Working data.
Arguments future_open {C Y X} f.

(* a cocone from the diagram  i |-> C(-, omega i)  into Z *)
Definition is_cocone (C I : Category) (om : Functor I C) (Z : Presheaf C)
  (mu : forall i U, Hom C U (om i) -> Z U) : Prop :=
  (forall i U V (g : Hom C U (om i)) (phi : Hom C V U),
      mu i V (comp g phi) = ps_act Z phi (mu i U g)) /\
  (forall i j (alpha : Hom I i j) U (g : Hom C U (om i)),
      mu j U (comp (F_hom om alpha) g) = mu i U g).

Arguments is_cocone {C I} om Z mu.

Definition is_colimit (C I : Category) (om : Functor I C) (G : Presheaf C)
  (lam : forall i U, Hom C U (om i) -> G U) : Prop :=
  is_cocone om G lam /\
  forall (Z : Presheaf C) (mu : forall i U, Hom C U (om i) -> Z U),
    is_cocone om Z mu ->
    exists h : PshMap G Z,
      (forall i U g, h U (lam i U g) = mu i U g) /\
      (forall h' : PshMap G Z, (forall i U g, h' U (lam i U g) = mu i U g) ->
         forall U x, h' U x = h U x).

Arguments is_colimit {C I} om G lam.

Definition is_track_object (C : dCategory) (G : Automaton C) : Prop :=
  exists (I : bdCategory) (om : dFunctor I C)
         (lam : forall i U, Hom C U (om i) -> G U),
    is_linear I /\
    is_colimit om G lam /\
    (forall U (x : G U), start G U x <->
       existT (fun U => G U) U x =
       existT (fun U => G U) (om (bbot I)) (lam (bbot I) _ (idm (om (bbot I))))) /\
    (forall U (x : G U), accept G U x <->
       existT (fun U => G U) U x =
       existT (fun U => G U) (om (btop I)) (lam (btop I) _ (idm (om (btop I))))).

Arguments is_track_object {C} G.

Definition in_Lang (C : dCategory) (G X : Automaton C) : Prop :=
  is_track_object G /\ inhabited (AutMorphism G X).

Arguments in_Lang {C} G X.

From Stdlib Require Import Arith Lia List ProofIrrelevance IndefiniteDescription.

(* Composing with f gives Lang(Y) ⊆ Lang(X).  Conversely, a morphism from the
   track object Γ of a path ω : I → C to X is a compatible family of elements
   x_i ∈ X[ω i], and such a family lifts along f, piece by piece from a start
   lift at ⊥: across an S piece the next lift exists because f is future open,
   across a T or I piece it is the restriction along the backmorphism.  By the
   colimit property the lifted family is a map h : Γ → Y with f ∘ h equal to
   the given map, so h preserves accept elements because ⊤_Y = f⁻¹(⊤_X). *)

Definition compatible {C I : Category} (om : Functor I C) (Z : Presheaf C)
  (z : forall i, Z (om i)) : Prop :=
  forall i j (a : Hom I i j), ps_act Z (F_hom om a) (z j) = z i.

Definition pcomp {C : Category} {A B D : Presheaf C}
  (g : PshMap B D) (h : PshMap A B) : PshMap A D.
Proof.
  refine {| pm := fun U a => g U (h U a) |}.
  intros; rewrite !pm_nat; reflexivity.
Defined.

Definition aut_comp {C : Category} {A B D : Automaton C}
  (g : AutMorphism B D) (h : AutMorphism A B) : AutMorphism A D.
Proof.
  refine {| am := pcomp g h |}; intros U a Ha; simpl.
  - apply am_start, am_start, Ha.
  - apply am_accept, am_accept, Ha.
Defined.

Lemma compatible_map {C I : Category} {om : Functor I C} {Z W : Presheaf C}
  (h : PshMap Z W) {z : forall i, Z (om i)} :
  compatible om Z z -> compatible om W (fun i => h _ (z i)).
Proof. intros Hz i j a; rewrite <- pm_nat, Hz; reflexivity. Qed.

Lemma in_Lang_comp {C : dCategory} {G Y X : Automaton C} :
  in_Lang G Y -> AutMorphism Y X -> in_Lang G X.
Proof. intros [HG [h]] f; exact (conj HG (inhabits (aut_comp f h))). Qed.

Lemma existT_eq_pred {A : Type} {T : A -> Type} (P : forall a, T a -> Prop)
  a b (x : T a) (y : T b) :
  existT T a x = existT T b y -> P b y -> P a x.
Proof.
  intros E H.
  exact (match eq_sym E in _ = s return P (projT1 s) (projT2 s) with eq_refl => H end).
Qed.

Section Colimit.
Context {C I : Category} {om : Functor I C} {G : Presheaf C}
  {lam : forall i U, Hom C U (om i) -> G U}.
Hypothesis Hcol : is_colimit om G lam.

Definition generator i : G (om i) := lam i (om i) (idm (om i)).

Lemma lam_generator i U (g : Hom C U (om i)) : lam i U g = ps_act G g (generator i).
Proof. unfold generator; rewrite <- (proj1 (proj1 Hcol)), comp_id_l; reflexivity. Qed.

Lemma generator_compatible : compatible om G generator.
Proof.
  intros i j a; rewrite <- lam_generator, <- (comp_id_r _ _ _ (F_hom om a)).
  apply (proj2 (proj1 Hcol)).
Qed.

Lemma colimit_factor {Z : Presheaf C} {z : forall i, Z (om i)} :
  compatible om Z z -> exists h : PshMap G Z, forall i, h _ (generator i) = z i.
Proof.
  intros Hz.
  destruct (proj2 Hcol Z (fun i U g => ps_act Z g (z i))) as [h [Hh _]].
  { split; intros.
    - apply ps_comp.
    - rewrite ps_comp, Hz; reflexivity. }
  exists h; intro i; unfold generator; rewrite Hh; apply ps_id.
Qed.

Lemma colimit_ext {Z : Presheaf C} (h h' : PshMap G Z) :
  (forall i, h _ (generator i) = h' _ (generator i)) -> forall U z, h U z = h' U z.
Proof.
  intros E U z.
  destruct (proj2 Hcol Z (fun i U g => h U (lam i U g))) as [k [_ Hk]].
  { split; intros.
    - rewrite (proj1 (proj1 Hcol)); apply pm_nat.
    - rewrite (proj2 (proj1 Hcol)); reflexivity. }
  transitivity (k U z); [apply Hk; reflexivity | symmetry; apply Hk].
  intros i U' g; rewrite lam_generator, !pm_nat, E; reflexivity.
Qed.

End Colimit.

Arguments generator {C I} om {G} lam i.

Lemma reach_of_eq w i j : i = j -> reach w i j.
Proof. intros ->; apply reach_refl. Qed.

Lemma reach_split w i j m :
  reach w i j -> Nat.min i j <= m <= Nat.max i j -> reach w i m /\ reach w m j.
Proof.
  intros [[Hij Hf] | [Hji Hb]] Hm.
  - split; left; split; try lia; intros n Hn; apply Hf; lia.
  - split; right; split; try lia; intros n Hn; apply Hb; lia.
Qed.

Lemma eq_pS_dec (p : piece) : p = pS \/ p <> pS.
Proof. destruct p; [left | right | right]; congruence. Qed.

Lemma reach_succ_fwd w i : nth i w pS = pS -> reach w i (S i).
Proof.
  intros Hp; left; split; [lia |].
  intros m Hm; replace m with i by lia; rewrite Hp; discriminate.
Qed.

Lemma reach_succ_bwd w i : nth i w pS <> pS -> reach w (S i) i.
Proof. intros Hp; right; split; [lia |]; intros m Hm; replace m with i by lia; exact Hp. Qed.

Section LinearCategory.
Context {I : bdCategory} {w : list piece} {F : dFunctor I (Lin w)}.
Hypothesis Hiso : bd_iso F.

Definition pos (i : Ob I) : nat := proj1_sig (F i).

Lemma pos_le_length i : pos i <= length w.
Proof. exact (proj2_sig (F i)). Qed.

Lemma pos_bot : pos (bbot I) = 0.
Proof. unfold pos; destruct Hiso as (_ & _ & _ & _ & _ & -> & _); reflexivity. Qed.

Lemma pos_inj a b : pos a = pos b -> a = b.
Proof.
  intros E; destruct Hiso as [Hbij _].
  destruct (Hbij (F a)) as [c [_ Hc]].
  rewrite (Hc a eq_refl); symmetry; apply Hc.
  apply eq_sig_hprop; [intros; apply proof_irrelevance | symmetry; exact E].
Qed.

Lemma hom_eq a b (u v : Hom I a b) : u = v.
Proof.
  destruct Hiso as (_ & Hfaithful & _); apply Hfaithful.
  change (@eq (reach w (pos a) (pos b)) (F_hom F u) (F_hom F v)).
  apply proof_irrelevance.
Qed.

Lemma reach_of_hom a b (u : Hom I a b) : reach w (pos a) (pos b).
Proof. exact (F_hom F u). Qed.

Definition hom_of_reach a b (r : reach w (pos a) (pos b)) : Hom I a b :=
  proj1_sig (constructive_indefinite_description _ (proj1 (proj2 (proj2 Hiso)) a b r)).

Definition hom_of_pos_eq a b (E : pos a = pos b) : Hom I a b :=
  hom_of_reach a b (reach_of_eq w _ _ E).

Lemma fwd_of_pos_le a b (u : Hom I a b) : pos a <= pos b -> fwd u.
Proof. destruct Hiso as (_ & _ & _ & Hfwd & _); intros H; apply Hfwd; exact H. Qed.

(* Positions beyond the end are clamped to [length w], so that [obj_at] is total. *)
Definition obj_at (k : nat) : Ob I :=
  proj1_sig (constructive_indefinite_description _
    (proj1 Hiso (exist (fun n => n <= length w) (Nat.min k (length w))
                       (Nat.le_min_r _ _)))).

Lemma pos_obj_at k : pos (obj_at k) = Nat.min k (length w).
Proof.
  unfold pos, obj_at.
  destruct (constructive_indefinite_description _ _) as [a Ha]; simpl.
  exact (f_equal (@proj1_sig _ _) (proj1 Ha)).
Qed.

Lemma pos_obj_at_pos i : pos (obj_at (pos i)) = pos i.
Proof. rewrite pos_obj_at; apply Nat.min_l, pos_le_length. Qed.

Section Lifting.
Context {C : dCategory} {Y X : Presheaf C} {f : PshMap Y X}.
Hypothesis Hopen : future_open f.
Context {om : dFunctor I C} {x : forall i, X (om i)}.
Hypothesis Hx : compatible om X x.
Context {y0 : Y (om (bbot I))}.
Hypothesis Hy0 : f _ y0 = x (bbot I).

(* Since [I] is thin, this is compatibility of the pair [ya], [yb]. *)
Definition agree a b (ya : Y (om a)) (yb : Y (om b)) : Prop :=
  (forall u : Hom I a b, ps_act Y (F_hom om u) yb = ya) /\
  (forall v : Hom I b a, ps_act Y (F_hom om v) ya = yb).

Lemma agree_sym a b ya yb : agree a b ya yb -> agree b a yb ya.
Proof. intros [H1 H2]; split; assumption. Qed.

Lemma agree_refl a ya : agree a a ya ya.
Proof. split; intro u; rewrite (hom_eq _ _ u (idm a)), F_id; apply ps_id. Qed.

Lemma agree_refl_eq a ya ya' : agree a a ya ya' -> ya = ya'.
Proof. intros [H _]; rewrite <- (H (idm a)), F_id, ps_id; reflexivity. Qed.

Lemma agree_of_hom a b (u : Hom I a b) ya yb :
  ps_act Y (F_hom om u) yb = ya -> agree a b ya yb.
Proof.
  intros Hu; split.
  - intro u'; rewrite (hom_eq _ _ u' u); exact Hu.
  - intro v; rewrite <- Hu, <- ps_comp, <- F_comp, (hom_eq _ _ (comp u v) (idm b)), F_id.
    apply ps_id.
Qed.

Lemma act_through a m b ya ym yb :
  Nat.min (pos a) (pos b) <= pos m <= Nat.max (pos a) (pos b) ->
  (forall u : Hom I a m, ps_act Y (F_hom om u) ym = ya) ->
  (forall u : Hom I m b, ps_act Y (F_hom om u) yb = ym) ->
  forall u : Hom I a b, ps_act Y (F_hom om u) yb = ya.
Proof.
  intros Hm Ham Hmb u.
  destruct (reach_split w _ _ _ (reach_of_hom _ _ u) Hm) as [r1 r2].
  rewrite (hom_eq _ _ u (comp (hom_of_reach m b r2) (hom_of_reach a m r1))).
  rewrite F_comp, ps_comp, Hmb; apply Ham.
Qed.

Lemma agree_trans a m b ya ym yb :
  Nat.min (pos a) (pos b) <= pos m <= Nat.max (pos a) (pos b) ->
  agree a m ya ym -> agree m b ym yb -> agree a b ya yb.
Proof.
  intros Hm [Ham Hma] [Hmb Hbm]; split.
  - exact (act_through a m b ya ym yb Hm Ham Hmb).
  - apply (act_through b m a yb ym ya); [lia | assumption | assumption].
Qed.

Lemma lift_step a b (ya : Y (om a)) :
  pos b = pos a \/ pos b = S (pos a) -> f _ ya = x a ->
  exists yb, f _ yb = x b /\ agree a b ya yb.
Proof.
  intros [E | E] Hya.
  - assert (a = b) as <- by (apply pos_inj; congruence).
    exists ya; split; [exact Hya | apply agree_refl].
  - destruct (eq_pS_dec (nth (pos a) w pS)) as [Hp | Hp].
    + assert (r : reach w (pos a) (pos b)) by (rewrite E; apply reach_succ_fwd, Hp).
      set (u := hom_of_reach a b r).
      assert (Hu : fwd (F_hom om u)) by (apply dfun_fwd, fwd_of_pos_le; lia).
      destruct (Hopen _ _ _ Hu ya (x b)) as [yb [Hact Hyb]]; [rewrite Hx; auto |].
      exists yb; split; [exact Hyb | exact (agree_of_hom a b u ya yb Hact)].
    + assert (r : reach w (pos b) (pos a)) by (rewrite E; apply reach_succ_bwd, Hp).
      set (v := hom_of_reach b a r).
      exists (ps_act Y (F_hom om v) ya); split.
      * rewrite pm_nat, Hya; apply Hx.
      * apply agree_sym, (agree_of_hom b a v); reflexivity.
Qed.

Lemma pos_obj_at_succ k :
  pos (obj_at (S k)) = pos (obj_at k) \/ pos (obj_at (S k)) = S (pos (obj_at k)).
Proof. rewrite !pos_obj_at; lia. Qed.

Lemma pos_obj_at_0 : pos (obj_at 0) = pos (bbot I).
Proof. rewrite pos_obj_at, pos_bot; reflexivity. Qed.

Definition chain_start : Y (om (obj_at 0)) :=
  ps_act Y (F_hom om (hom_of_pos_eq _ _ pos_obj_at_0)) y0.

Lemma chain_start_over : f _ chain_start = x (obj_at 0).
Proof. unfold chain_start; rewrite pm_nat, Hy0; apply Hx. Qed.

Definition lifts_at k := { y : Y (om (obj_at k)) | f _ y = x (obj_at k) }.

Definition chain_next k (s : lifts_at k) :
  { y' | f _ y' = x (obj_at (S k)) /\ agree _ _ (proj1_sig s) y' } :=
  constructive_indefinite_description _
    (lift_step _ _ _ (pos_obj_at_succ k) (proj2_sig s)).

Fixpoint chain k : lifts_at k :=
  match k with
  | 0 => exist _ chain_start chain_start_over
  | S k => let s := chain_next k (chain k) in exist _ (proj1_sig s) (proj1 (proj2_sig s))
  end.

Task to carry out. Reproduce, word for word, the lines of the data from the one that contains "destruct (Hopen _" to the end, both ends included.

Task output.
      destruct (Hopen _ _ _ Hu ya (x b)) as [yb [Hact Hyb]]; [rewrite Hx; auto |].
      exists yb; split; [exact Hyb | exact (agree_of_hom a b u ya yb Hact)].
    + assert (r : reach w (pos b) (pos a)) by (rewrite E; apply reach_succ_bwd, Hp).
      set (v := hom_of_reach b a r).
      exists (ps_act Y (F_hom om v) ya); split.
      * rewrite pm_nat, Hya; apply Hx.
      * apply agree_sym, (agree_of_hom b a v); reflexivity.
Qed.

Lemma pos_obj_at_succ k :
  pos (obj_at (S k)) = pos (obj_at k) \/ pos (obj_at (S k)) = S (pos (obj_at k)).
Proof. rewrite !pos_obj_at; lia. Qed.

Lemma pos_obj_at_0 : pos (obj_at 0) = pos (bbot I).
Proof. rewrite pos_obj_at, pos_bot; reflexivity. Qed.

Definition chain_start : Y (om (obj_at 0)) :=
  ps_act Y (F_hom om (hom_of_pos_eq _ _ pos_obj_at_0)) y0.

Lemma chain_start_over : f _ chain_start = x (obj_at 0).
Proof. unfold chain_start; rewrite pm_nat, Hy0; apply Hx. Qed.

Definition lifts_at k := { y : Y (om (obj_at k)) | f _ y = x (obj_at k) }.

Definition chain_next k (s : lifts_at k) :
  { y' | f _ y' = x (obj_at (S k)) /\ agree _ _ (proj1_sig s) y' } :=
  constructive_indefinite_description _
    (lift_step _ _ _ (pos_obj_at_succ k) (proj2_sig s)).

Fixpoint chain k : lifts_at k :=
  match k with
  | 0 => exist _ chain_start chain_start_over
  | S k => let s := chain_next k (chain k) in exist _ (proj1_sig s) (proj1 (proj2_sig s))
  end.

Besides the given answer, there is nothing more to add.